Look through the data below. Show each line where the string "choose" occurs.

╭─ Excerpted records

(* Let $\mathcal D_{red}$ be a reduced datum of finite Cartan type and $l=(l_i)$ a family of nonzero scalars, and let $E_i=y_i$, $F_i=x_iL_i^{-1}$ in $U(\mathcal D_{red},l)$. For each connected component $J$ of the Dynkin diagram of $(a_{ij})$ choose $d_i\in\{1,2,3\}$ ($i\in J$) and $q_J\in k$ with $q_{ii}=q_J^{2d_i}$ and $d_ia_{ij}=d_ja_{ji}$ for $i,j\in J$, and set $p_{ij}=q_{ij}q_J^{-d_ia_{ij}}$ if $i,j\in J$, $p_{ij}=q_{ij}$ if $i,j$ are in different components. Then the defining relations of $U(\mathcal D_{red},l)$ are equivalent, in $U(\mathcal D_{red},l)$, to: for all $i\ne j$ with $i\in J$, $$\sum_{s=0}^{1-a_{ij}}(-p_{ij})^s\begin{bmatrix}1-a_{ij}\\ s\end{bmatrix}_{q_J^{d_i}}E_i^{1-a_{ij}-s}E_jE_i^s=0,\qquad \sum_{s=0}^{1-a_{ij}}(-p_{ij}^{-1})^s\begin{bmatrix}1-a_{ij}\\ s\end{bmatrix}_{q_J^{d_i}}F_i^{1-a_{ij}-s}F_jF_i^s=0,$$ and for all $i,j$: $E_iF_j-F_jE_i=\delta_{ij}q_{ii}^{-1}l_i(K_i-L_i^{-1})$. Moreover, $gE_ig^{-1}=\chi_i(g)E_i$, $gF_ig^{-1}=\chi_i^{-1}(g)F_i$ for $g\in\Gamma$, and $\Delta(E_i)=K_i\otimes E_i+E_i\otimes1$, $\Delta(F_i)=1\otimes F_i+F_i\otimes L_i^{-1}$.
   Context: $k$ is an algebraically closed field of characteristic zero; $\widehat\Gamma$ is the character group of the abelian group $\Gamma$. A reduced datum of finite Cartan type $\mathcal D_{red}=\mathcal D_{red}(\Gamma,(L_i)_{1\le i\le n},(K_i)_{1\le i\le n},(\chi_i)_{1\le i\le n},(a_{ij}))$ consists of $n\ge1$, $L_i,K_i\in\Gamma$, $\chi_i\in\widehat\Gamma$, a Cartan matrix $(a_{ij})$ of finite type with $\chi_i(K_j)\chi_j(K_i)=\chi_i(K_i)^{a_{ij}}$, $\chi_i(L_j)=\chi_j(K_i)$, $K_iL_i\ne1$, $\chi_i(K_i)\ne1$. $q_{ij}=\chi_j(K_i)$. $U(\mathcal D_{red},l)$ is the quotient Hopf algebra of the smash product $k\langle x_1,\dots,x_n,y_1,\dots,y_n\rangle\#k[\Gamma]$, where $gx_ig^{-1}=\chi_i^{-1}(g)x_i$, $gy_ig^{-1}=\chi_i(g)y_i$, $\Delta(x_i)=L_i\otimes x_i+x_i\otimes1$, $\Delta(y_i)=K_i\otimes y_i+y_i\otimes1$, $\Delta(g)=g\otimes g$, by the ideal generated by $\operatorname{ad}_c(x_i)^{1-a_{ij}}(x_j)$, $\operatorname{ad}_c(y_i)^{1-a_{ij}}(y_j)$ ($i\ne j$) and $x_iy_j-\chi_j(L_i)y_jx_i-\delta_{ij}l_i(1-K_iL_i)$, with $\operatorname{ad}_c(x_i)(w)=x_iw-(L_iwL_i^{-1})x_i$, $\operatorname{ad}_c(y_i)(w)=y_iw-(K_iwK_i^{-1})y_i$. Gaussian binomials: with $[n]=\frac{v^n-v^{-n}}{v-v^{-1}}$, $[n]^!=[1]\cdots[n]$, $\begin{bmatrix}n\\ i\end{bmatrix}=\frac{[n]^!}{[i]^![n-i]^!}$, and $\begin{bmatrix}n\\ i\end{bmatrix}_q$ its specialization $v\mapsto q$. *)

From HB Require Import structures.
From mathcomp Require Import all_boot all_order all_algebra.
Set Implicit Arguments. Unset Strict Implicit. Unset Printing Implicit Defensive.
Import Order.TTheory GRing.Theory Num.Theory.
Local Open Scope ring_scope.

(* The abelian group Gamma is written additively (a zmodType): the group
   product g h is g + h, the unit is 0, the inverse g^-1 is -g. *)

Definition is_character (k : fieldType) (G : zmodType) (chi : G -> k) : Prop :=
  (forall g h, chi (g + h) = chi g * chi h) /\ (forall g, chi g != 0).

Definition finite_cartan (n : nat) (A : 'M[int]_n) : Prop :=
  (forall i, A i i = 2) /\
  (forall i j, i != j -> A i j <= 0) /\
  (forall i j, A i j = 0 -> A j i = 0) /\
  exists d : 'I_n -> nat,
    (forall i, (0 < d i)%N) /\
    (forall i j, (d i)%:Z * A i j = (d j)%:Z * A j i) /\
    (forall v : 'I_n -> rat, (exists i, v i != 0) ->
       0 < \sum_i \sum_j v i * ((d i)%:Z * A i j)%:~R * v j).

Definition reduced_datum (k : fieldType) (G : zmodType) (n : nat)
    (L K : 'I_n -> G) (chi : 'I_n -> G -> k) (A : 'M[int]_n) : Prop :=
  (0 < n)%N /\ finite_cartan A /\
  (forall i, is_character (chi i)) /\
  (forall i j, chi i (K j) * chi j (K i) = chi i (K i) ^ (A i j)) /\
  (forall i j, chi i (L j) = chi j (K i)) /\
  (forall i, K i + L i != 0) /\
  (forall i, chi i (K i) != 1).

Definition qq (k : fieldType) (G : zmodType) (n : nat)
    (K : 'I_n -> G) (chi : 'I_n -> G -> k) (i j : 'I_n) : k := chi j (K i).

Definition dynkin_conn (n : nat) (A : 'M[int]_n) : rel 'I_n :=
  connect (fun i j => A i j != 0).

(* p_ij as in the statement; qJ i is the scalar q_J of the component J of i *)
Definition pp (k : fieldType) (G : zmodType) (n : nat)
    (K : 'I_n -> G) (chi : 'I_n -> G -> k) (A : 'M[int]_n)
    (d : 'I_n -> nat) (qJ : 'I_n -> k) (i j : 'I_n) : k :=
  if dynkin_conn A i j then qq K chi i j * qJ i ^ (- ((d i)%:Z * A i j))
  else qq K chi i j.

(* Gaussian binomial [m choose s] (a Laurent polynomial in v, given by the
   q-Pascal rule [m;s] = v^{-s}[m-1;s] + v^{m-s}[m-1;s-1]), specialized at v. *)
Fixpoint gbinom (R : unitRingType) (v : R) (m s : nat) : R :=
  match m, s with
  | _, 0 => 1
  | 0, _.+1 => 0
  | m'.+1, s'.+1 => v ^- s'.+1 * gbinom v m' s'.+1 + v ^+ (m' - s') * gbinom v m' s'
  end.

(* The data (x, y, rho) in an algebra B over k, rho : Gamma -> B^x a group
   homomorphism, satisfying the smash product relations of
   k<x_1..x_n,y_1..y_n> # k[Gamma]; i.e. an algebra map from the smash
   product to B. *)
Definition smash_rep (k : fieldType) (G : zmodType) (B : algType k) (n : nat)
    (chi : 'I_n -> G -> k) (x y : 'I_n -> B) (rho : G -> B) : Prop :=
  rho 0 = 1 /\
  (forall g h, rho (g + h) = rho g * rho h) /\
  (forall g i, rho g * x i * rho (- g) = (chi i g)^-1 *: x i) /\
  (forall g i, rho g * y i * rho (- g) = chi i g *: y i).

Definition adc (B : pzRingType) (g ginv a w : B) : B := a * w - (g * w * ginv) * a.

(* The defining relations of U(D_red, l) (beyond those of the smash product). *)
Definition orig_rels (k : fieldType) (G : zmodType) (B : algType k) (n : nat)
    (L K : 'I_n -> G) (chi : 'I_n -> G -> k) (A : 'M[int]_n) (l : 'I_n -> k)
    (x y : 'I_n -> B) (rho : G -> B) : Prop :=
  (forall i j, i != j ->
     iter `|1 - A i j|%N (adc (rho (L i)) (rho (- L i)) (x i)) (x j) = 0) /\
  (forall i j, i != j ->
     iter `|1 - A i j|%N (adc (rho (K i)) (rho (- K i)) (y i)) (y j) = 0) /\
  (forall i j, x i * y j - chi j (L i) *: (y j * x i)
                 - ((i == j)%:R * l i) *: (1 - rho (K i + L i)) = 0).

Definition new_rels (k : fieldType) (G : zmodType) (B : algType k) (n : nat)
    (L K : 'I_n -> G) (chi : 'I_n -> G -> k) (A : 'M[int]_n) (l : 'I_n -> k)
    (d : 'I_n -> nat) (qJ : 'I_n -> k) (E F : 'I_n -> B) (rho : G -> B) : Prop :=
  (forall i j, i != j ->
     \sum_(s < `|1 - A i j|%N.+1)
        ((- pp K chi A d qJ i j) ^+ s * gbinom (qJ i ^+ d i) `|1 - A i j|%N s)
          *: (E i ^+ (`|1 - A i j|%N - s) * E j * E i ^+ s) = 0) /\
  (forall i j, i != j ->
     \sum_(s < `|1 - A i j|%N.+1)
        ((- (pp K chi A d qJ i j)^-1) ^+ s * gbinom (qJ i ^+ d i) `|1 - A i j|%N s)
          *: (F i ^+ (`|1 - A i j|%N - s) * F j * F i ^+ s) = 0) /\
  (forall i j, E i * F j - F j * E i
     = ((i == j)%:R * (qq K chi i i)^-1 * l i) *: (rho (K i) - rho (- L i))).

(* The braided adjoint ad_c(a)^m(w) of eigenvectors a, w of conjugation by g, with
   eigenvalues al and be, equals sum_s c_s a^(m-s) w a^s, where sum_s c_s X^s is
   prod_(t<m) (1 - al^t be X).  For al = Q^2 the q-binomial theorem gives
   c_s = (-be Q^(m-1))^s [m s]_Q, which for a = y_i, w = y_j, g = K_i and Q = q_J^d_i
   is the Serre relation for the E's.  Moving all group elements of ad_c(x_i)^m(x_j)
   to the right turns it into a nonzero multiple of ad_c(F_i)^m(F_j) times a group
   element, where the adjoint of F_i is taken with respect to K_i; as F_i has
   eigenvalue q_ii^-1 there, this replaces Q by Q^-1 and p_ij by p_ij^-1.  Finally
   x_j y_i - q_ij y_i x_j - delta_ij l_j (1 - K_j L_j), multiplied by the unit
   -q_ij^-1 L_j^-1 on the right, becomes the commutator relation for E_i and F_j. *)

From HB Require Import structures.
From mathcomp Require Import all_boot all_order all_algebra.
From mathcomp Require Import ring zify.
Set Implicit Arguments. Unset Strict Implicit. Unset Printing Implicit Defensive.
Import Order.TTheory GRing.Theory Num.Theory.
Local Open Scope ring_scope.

╰─
╭─ Excerpted records

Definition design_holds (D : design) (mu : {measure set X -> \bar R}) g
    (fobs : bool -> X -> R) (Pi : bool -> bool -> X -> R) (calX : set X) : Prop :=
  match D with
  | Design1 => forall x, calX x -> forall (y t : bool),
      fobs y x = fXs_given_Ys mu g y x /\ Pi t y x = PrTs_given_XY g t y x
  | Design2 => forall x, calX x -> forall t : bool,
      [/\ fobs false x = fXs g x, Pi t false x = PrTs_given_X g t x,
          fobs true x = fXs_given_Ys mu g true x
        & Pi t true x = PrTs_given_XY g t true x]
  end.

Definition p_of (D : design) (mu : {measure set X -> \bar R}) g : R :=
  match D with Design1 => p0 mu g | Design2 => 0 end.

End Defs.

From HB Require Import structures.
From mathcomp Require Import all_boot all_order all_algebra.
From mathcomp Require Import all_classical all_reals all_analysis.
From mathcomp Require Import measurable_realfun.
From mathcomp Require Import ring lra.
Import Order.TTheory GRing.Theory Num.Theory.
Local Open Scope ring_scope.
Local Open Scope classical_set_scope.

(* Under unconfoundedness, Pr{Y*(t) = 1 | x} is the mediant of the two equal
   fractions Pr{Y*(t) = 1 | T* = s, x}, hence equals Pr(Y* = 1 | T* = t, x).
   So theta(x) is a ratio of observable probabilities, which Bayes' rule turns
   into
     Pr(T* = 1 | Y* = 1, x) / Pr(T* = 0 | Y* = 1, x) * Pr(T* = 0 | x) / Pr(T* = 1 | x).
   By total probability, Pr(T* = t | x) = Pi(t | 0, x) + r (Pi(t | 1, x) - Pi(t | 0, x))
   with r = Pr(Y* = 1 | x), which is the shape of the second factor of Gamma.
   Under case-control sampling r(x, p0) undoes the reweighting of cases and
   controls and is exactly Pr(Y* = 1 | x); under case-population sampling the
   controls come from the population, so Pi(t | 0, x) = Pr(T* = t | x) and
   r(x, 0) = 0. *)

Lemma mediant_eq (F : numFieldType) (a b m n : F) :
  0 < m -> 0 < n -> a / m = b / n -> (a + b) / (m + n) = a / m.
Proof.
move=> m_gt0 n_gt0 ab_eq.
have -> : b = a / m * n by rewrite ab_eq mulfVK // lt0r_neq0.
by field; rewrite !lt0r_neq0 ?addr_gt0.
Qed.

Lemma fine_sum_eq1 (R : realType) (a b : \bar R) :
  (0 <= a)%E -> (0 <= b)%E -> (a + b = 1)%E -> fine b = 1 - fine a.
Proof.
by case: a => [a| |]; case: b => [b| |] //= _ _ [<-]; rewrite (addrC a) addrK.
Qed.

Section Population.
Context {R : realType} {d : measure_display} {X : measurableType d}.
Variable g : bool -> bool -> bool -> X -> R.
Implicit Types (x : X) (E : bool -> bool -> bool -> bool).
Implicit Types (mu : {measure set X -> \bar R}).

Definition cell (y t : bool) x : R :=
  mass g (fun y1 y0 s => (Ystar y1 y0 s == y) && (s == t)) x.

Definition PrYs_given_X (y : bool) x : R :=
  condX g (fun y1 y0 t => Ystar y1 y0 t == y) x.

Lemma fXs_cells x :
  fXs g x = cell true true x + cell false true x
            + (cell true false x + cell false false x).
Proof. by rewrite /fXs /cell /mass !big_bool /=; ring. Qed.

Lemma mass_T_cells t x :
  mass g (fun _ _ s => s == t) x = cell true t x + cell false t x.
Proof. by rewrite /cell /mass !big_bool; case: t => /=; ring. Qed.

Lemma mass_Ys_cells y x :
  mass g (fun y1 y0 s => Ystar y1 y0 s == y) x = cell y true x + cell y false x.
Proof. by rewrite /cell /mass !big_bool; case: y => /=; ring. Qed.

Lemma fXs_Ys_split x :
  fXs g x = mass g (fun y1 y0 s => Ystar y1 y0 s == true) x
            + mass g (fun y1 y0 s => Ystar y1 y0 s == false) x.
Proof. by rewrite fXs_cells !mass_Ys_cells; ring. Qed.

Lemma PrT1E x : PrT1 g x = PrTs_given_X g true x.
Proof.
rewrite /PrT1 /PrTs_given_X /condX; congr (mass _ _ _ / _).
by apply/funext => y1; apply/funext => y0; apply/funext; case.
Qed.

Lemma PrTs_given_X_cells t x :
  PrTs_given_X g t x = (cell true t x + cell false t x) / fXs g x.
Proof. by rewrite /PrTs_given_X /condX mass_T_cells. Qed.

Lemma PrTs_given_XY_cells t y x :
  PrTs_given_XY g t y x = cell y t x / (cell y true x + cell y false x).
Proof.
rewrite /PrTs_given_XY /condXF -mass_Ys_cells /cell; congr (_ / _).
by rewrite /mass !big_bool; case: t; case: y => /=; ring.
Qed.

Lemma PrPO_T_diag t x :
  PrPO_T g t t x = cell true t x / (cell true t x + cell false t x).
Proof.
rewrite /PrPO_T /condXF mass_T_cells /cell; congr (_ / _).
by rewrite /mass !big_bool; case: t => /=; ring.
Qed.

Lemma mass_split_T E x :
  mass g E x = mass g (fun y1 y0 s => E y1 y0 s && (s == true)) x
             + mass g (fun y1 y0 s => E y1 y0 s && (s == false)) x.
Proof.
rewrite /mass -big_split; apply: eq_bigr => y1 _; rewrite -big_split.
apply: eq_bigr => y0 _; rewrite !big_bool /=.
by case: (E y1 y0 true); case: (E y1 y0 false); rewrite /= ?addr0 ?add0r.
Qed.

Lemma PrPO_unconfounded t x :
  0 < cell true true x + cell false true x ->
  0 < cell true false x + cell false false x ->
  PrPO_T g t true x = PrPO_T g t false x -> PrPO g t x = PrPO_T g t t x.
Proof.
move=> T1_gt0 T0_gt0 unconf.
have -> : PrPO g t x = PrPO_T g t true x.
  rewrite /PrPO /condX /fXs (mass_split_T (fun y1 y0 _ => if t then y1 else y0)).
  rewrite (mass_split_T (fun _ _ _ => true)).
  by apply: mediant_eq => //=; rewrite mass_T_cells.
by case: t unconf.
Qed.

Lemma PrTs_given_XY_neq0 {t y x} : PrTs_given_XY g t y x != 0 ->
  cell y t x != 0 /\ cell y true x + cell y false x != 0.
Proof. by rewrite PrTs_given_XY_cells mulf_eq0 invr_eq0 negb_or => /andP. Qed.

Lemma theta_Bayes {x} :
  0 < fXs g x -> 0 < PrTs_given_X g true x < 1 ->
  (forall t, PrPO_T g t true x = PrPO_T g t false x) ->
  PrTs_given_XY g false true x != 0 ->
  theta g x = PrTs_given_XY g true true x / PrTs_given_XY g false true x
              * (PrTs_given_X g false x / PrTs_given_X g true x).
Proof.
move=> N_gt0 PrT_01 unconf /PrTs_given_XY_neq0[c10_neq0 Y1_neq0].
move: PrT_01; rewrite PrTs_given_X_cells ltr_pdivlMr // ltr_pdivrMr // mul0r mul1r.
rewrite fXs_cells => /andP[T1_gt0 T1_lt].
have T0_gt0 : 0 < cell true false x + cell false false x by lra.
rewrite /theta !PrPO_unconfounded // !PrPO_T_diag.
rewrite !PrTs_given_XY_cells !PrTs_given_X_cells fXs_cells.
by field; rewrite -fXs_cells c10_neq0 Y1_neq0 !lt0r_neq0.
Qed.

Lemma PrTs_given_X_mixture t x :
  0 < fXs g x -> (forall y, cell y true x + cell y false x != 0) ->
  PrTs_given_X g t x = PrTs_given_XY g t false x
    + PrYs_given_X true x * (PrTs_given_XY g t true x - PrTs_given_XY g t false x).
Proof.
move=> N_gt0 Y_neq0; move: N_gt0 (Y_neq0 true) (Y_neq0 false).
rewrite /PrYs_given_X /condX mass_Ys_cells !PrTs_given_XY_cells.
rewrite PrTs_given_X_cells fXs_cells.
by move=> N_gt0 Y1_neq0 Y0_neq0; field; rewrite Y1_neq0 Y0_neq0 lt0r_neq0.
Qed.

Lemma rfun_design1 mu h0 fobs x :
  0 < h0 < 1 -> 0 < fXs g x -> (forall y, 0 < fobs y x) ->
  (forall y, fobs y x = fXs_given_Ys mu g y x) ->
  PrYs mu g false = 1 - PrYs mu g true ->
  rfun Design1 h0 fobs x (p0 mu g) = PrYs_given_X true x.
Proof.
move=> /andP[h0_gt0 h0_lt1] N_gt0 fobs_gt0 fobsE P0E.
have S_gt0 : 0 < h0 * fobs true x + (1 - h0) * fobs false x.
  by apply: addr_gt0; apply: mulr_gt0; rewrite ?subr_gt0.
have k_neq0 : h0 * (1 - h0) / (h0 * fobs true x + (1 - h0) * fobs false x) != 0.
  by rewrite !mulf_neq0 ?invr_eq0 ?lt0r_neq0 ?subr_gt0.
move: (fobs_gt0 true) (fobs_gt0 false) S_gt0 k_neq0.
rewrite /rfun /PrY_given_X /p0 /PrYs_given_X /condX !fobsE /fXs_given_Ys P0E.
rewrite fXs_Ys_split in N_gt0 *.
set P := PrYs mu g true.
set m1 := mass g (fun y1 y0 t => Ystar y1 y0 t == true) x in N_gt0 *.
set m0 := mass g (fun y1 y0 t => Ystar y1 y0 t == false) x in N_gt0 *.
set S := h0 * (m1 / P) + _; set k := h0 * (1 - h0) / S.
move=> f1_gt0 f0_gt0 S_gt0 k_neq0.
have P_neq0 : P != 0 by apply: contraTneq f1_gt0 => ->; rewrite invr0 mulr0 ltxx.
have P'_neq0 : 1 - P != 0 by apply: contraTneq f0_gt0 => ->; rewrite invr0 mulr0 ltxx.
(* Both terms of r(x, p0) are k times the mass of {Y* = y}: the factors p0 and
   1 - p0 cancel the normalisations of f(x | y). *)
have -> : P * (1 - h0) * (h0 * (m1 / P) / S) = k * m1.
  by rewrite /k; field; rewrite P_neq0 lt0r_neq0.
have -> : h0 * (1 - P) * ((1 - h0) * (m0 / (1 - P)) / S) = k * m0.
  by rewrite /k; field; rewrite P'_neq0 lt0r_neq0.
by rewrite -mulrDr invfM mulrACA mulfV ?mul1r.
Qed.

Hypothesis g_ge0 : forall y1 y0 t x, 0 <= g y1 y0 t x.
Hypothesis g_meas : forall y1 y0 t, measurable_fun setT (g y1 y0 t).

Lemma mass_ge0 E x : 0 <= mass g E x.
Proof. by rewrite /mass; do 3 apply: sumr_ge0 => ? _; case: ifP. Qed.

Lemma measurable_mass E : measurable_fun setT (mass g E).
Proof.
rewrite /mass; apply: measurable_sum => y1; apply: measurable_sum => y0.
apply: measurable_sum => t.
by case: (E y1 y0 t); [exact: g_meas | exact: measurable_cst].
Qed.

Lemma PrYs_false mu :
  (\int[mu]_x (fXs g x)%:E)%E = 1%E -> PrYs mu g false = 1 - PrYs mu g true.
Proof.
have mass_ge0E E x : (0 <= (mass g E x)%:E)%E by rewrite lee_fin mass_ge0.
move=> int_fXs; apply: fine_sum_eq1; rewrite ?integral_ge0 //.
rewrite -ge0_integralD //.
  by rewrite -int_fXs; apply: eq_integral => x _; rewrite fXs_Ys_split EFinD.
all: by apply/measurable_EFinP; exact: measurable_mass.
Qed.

╰─

Output for this task:
(* Let $\mathcal D_{red}$ be a reduced datum of finite Cartan type and $l=(l_i)$ a family of nonzero scalars, and let $E_i=y_i$, $F_i=x_iL_i^{-1}$ in $U(\mathcal D_{red},l)$. For each connected component $J$ of the Dynkin diagram of $(a_{ij})$ choose $d_i\in\{1,2,3\}$ ($i\in J$) and $q_J\in k$ with $q_{ii}=q_J^{2d_i}$ and $d_ia_{ij}=d_ja_{ji}$ for $i,j\in J$, and set $p_{ij}=q_{ij}q_J^{-d_ia_{ij}}$ if $i,j\in J$, $p_{ij}=q_{ij}$ if $i,j$ are in different components. Then the defining relations of $U(\mathcal D_{red},l)$ are equivalent, in $U(\mathcal D_{red},l)$, to: for all $i\ne j$ with $i\in J$, $$\sum_{s=0}^{1-a_{ij}}(-p_{ij})^s\begin{bmatrix}1-a_{ij}\\ s\end{bmatrix}_{q_J^{d_i}}E_i^{1-a_{ij}-s}E_jE_i^s=0,\qquad \sum_{s=0}^{1-a_{ij}}(-p_{ij}^{-1})^s\begin{bmatrix}1-a_{ij}\\ s\end{bmatrix}_{q_J^{d_i}}F_i^{1-a_{ij}-s}F_jF_i^s=0,$$ and for all $i,j$: $E_iF_j-F_jE_i=\delta_{ij}q_{ii}^{-1}l_i(K_i-L_i^{-1})$. Moreover, $gE_ig^{-1}=\chi_i(g)E_i$, $gF_ig^{-1}=\chi_i^{-1}(g)F_i$ for $g\in\Gamma$, and $\Delta(E_i)=K_i\otimes E_i+E_i\otimes1$, $\Delta(F_i)=1\otimes F_i+F_i\otimes L_i^{-1}$.
(* Gaussian binomial [m choose s] (a Laurent polynomial in v, given by the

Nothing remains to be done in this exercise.